## THE TASK
I need the lines below from the one with "have [g [h [g_inc" down to the one with "- apply: IH => [|i i' /tu]; last first." reproduced exactly, both ends included, and nothing else.

————————

Lemma increasing_reindex j (y : 'I_j -> rat) : injective y ->
  exists rho : 'I_j -> 'I_j, {homo (fun a => y (rho a)) : a b / (a < b)%O >-> a < b}.
Proof.
move=> y_inj; pose s := sort <=%R (codom y).
have size_s : size s = j by rewrite size_sort size_codom card_ord.
have sorted_s : sorted <%R s.
  by rewrite lt_sorted_uniq_le sort_uniq (sort_sorted le_total) andbT; apply/injectiveP.
have yE (a : 'I_j) : exists i, y i == nth 0 s a.
  have : nth 0 s a \in codom y by rewrite -(mem_sort <=%R) mem_nth ?size_s.
  by move=> /codomP[i ->]; exists i.
exists (fun a : 'I_j => odflt a [pick i | y i == nth 0 s a]) => a b lt_ab /=.
have pickE (c : 'I_j) : y (odflt c [pick i | y i == nth 0 s c]) = nth 0 s c.
  by case: pickP => [i /eqP // | none]; have [i] := yE c; rewrite none.
by rewrite !pickE; apply: (sorted_ltn_nth lt_trans) => //; rewrite inE size_s.
Qed.

Lemma same_order_type_comp n j (g1 g2 : 'I_j -> rat) (h : 'I_n -> 'I_j) :
  {homo g1 : a b / (a < b)%O >-> a < b} -> {homo g2 : a b / (a < b)%O >-> a < b} ->
  same_order_type (fun i => g1 (h i)) (fun i => g2 (h i)).
Proof. by move=> /le_mono/leW_mono g1E /le_mono/leW_mono g2E i i'; rewrite g1E g2E. Qed.

Section CoarserTuples.
Variables (G : structure) (n : nat) (P : ('I_n -> rat) -> Prop).
Hypothesis P_order_type : forall u v, same_order_type u v -> P u -> P v.
Hypothesis P_peak : forall u, P u -> P (fun i => peak (u i)).
Hypothesis P_minor : forall m (h : 'I_n -> 'I_m), pp_defines G (fun y => P (fun i => y (h i))).
Hypothesis no_EqXor : ~ pp_defines G EqXor.
Hypothesis no_EqOr : forall j, (3 <= j)%N -> ~ pp_defines G (@EqOr j).

Lemma P_ext u v : u =1 v -> P u -> P v.
Proof. by move=> uv; apply: P_order_type => i j; rewrite !uv. Qed.

Lemma P_indicator u a c d : c != d -> P u -> P (fun i => if u i == a then c else d).
Proof.
move=> neq_cd Pu.
have P_at_a : P (fun i => if u i == a then 1 else -1).
  apply: P_ext (P_peak (P_order_type (v := fun i => u i - a) _ Pu)) => [i | i j].
    by rewrite /peak subr_eq0.
  by rewrite ltrD2r.
have P_off_a : P (fun i => if u i == a then -1 else 1).
  apply: P_ext (P_peak (P_order_type (v := fun i => (if u i == a then 1 else -1) + 1) _ P_at_a)).
    by move=> i; rewrite /peak; case: (u i == a).
  by move=> i j; rewrite ltrD2r.
have m1_lt1 : (-1 : rat) < 1 by [].
by case: ltgtP neq_cd => // cd _; [apply: P_order_type P_off_a | apply: P_order_type P_at_a];
  move=> i j; rewrite !lt_if cd (lt_gtF cd) m1_lt1 (lt_gtF m1_lt1).
Qed.

Variable t : 'I_n -> rat.
Hypothesis Pt : P t.

Lemma P_const c : P (fun=> c).
Proof.
have P_m1 : P (fun=> -1).
  apply: P_ext (P_peak (P_indicator 0 (_ : 1 != -1) Pt)) => // i.
  by rewrite /peak; case: (t i == 0).
by apply: P_order_type P_m1 => i j; rewrite !ltxx.
Qed.

Definition saturated (S : {set 'I_n}) := forall i j, t i = t j -> (i \in S) = (j \in S).

(* Peel off the t-class [C] of a point of [S]: the minor of [P] along
   [C |-> 1, S :\: C |-> 2, elsewhere |-> 0] would otherwise define EqXor. *)
Lemma P_two_valued S c d : saturated S -> P (fun i => if i \in S then c else d).
Proof.
have [k] := ubnP #|S|; elim: k S c d => // k IH S c d lt_Sk satS.
have [-> | [i0 i0S]] := set_0Vmem S.
  by apply: P_ext (P_const d) => i; rewrite inE.
have [<- | neq_cd] := eqVneq c d; first by apply: P_ext (P_const c) => i; case: ifP.
apply: NNPP => notP.
pose C := [set i | t i == t i0]; pose S' := S :\: C.
have C_S i : i \in C -> i \in S by rewrite inE => /eqP/satS ->.
have P_C e e' : P (fun i => if i \in C then e else e').
  have [<- | neq_e] := eqVneq e e'; first by apply: P_ext (P_const e) => i; case: ifP.
  by apply: P_ext (P_indicator (t i0) neq_e Pt) => i; rewrite inE.
have P_S' e e' : P (fun i => if i \in S' then e else e').
  apply: IH => [|i j tij]; last by rewrite !inE tij (satS _ _ tij).
  rewrite -ltnS (leq_trans _ lt_Sk) // (cardsD1 i0 S) i0S add1n ltnS.
  apply/subset_leq_card/subsetP => i; rewrite !inE => /andP[ne_i0 ->].
  by rewrite andbT; apply: contraNneq ne_i0 => ->.
pose x0 := @Ordinal 3 0 isT; pose x1 := @Ordinal 3 1 isT; pose x2 := @Ordinal 3 2 isT.
pose h i := if i \in C then x1 else if i \in S then x2 else x0.
apply: no_EqXor; apply: pp_defines_ext (P_minor h) _ => y; rewrite /EqXor -/x0 -/x1 -/x2; split.
- move=> Pyh; apply: NNPP => /not_or_and[/eqP ne01 /eqP ne02]; apply: notP.
  apply: P_ext (P_indicator (y x0) (_ : d != c) Pyh) => [i|]; last by rewrite eq_sym.
  rewrite /h; have [iC | _] := boolP (i \in C); first by rewrite C_S // eq_sym (negbTE ne01).
  by case: (i \in S); rewrite ?eqxx // eq_sym (negbTE ne02).
- case=> [e01 | e02].
  + apply: P_ext (P_S' (y x2) (y x0)) => i; rewrite /h [i \in S']inE.
    by have [iC | _] := boolP (i \in C); rewrite ?andbF ?andbT //; case: (i \in S).
  + apply: P_ext (P_C (y x1) (y x0)) => i; rewrite /h.
    by case: ifP => //; case: ifP.
Qed.

Definition coarser (u : 'I_n -> rat) := forall i j, t i = t j -> u i = u j.

(* Induction on the number [j] of values of [u]: if [u] were not in [P], the
   conjunction over [rho] of the minors [y \o rho \o h] would define [EqOr j]. *)
Lemma P_coarser u : coarser u -> P u.
Proof.
have [k] := ubnP (size (undup (codom u))); elim: k u => // k IH u lt_uk tu.
have [le2 | gt2] := leqP (size (undup (codom u))) 2.
  have [c [d ucd]] := two_values le2.
  apply: P_ext (P_two_valued (S := [set i | u i == c]) c d _) => [i | i j /tu uij].
    by rewrite inE; case: eqP => // ne_c; case: (ucd i).
  by rewrite !inE uij.
apply: NNPP => notPu.
have [g [h [g_inc uE]]] := factor_sorted_values u.
set j := size (undup (codom u)) in g h g_inc uE gt2 lt_uk *.
apply: (no_EqOr gt2).
apply: pp_defines_ext (pp_defines_forall (fun rho : {ffun 'I_j -> 'I_j} =>
  P_minor (fun i => rho (h i)))) _ => y; split=> [Py | EqOr_y rho].
- apply: NNPP => not_EqOr.
  have y_inj : injective y.
    move=> a b yab; apply: NNPP => neq_ab; apply: not_EqOr; exists a, b.
    by split=> //; apply/eqP.
  have [rho rho_inc] := increasing_reindex y_inj.
  apply: notPu; apply: P_order_type (Py [ffun a => rho a]) => i i'.
  by rewrite !ffunE !uE (same_order_type_comp h rho_inc g_inc).
- apply: IH => [|i i' /tu]; last first.
    by rewrite !uE => /(inc_inj (le_mono g_inc)) ->.
  apply: leq_ltn_trans (size_values_comp y (fun i => rho (h i))) _.
  exact: leq_trans (size_values_EqOr EqOr_y) lt_uk.
Qed.
End CoarserTuples.

Theorem lemma4p7 (G : structure) :
  temporal G ->
  preserves G peak ->
  ~ pp_defines G EqXor ->
  (forall n : nat, (3 <= n)%N -> ~ pp_defines G (@EqOr n)) ->
  forall f : rat -> rat, bijective f -> preserves G f.
Proof.
move=> temporalG peakG no_EqXor no_EqOr f _ R RG t Rt.
have order_R := fo_definable_order_type (temporalG R RG).
have minor_R m (h : 'I_(ar R) -> 'I_m) := pp_defines_rel_minor h RG.
apply: (P_coarser order_R (peakG R RG) minor_R no_EqXor no_EqOr Rt).
by move=> i j ->.
Qed.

————————

## RESPONSE TO THE EXERCISE
have [g [h [g_inc uE]]] := factor_sorted_values u.
set j := size (undup (codom u)) in g h g_inc uE gt2 lt_uk *.
apply: (no_EqOr gt2).
apply: pp_defines_ext (pp_defines_forall (fun rho : {ffun 'I_j -> 'I_j} =>
  P_minor (fun i => rho (h i)))) _ => y; split=> [Py | EqOr_y rho].
- apply: NNPP => not_EqOr.
  have y_inj : injective y.
    move=> a b yab; apply: NNPP => neq_ab; apply: not_EqOr; exists a, b.
    by split=> //; apply/eqP.
  have [rho rho_inc] := increasing_reindex y_inj.
  apply: notPu; apply: P_order_type (Py [ffun a => rho a]) => i i'.
  by rewrite !ffunE !uE (same_order_type_comp h rho_inc g_inc).
- apply: IH => [|i i' /tu]; last first.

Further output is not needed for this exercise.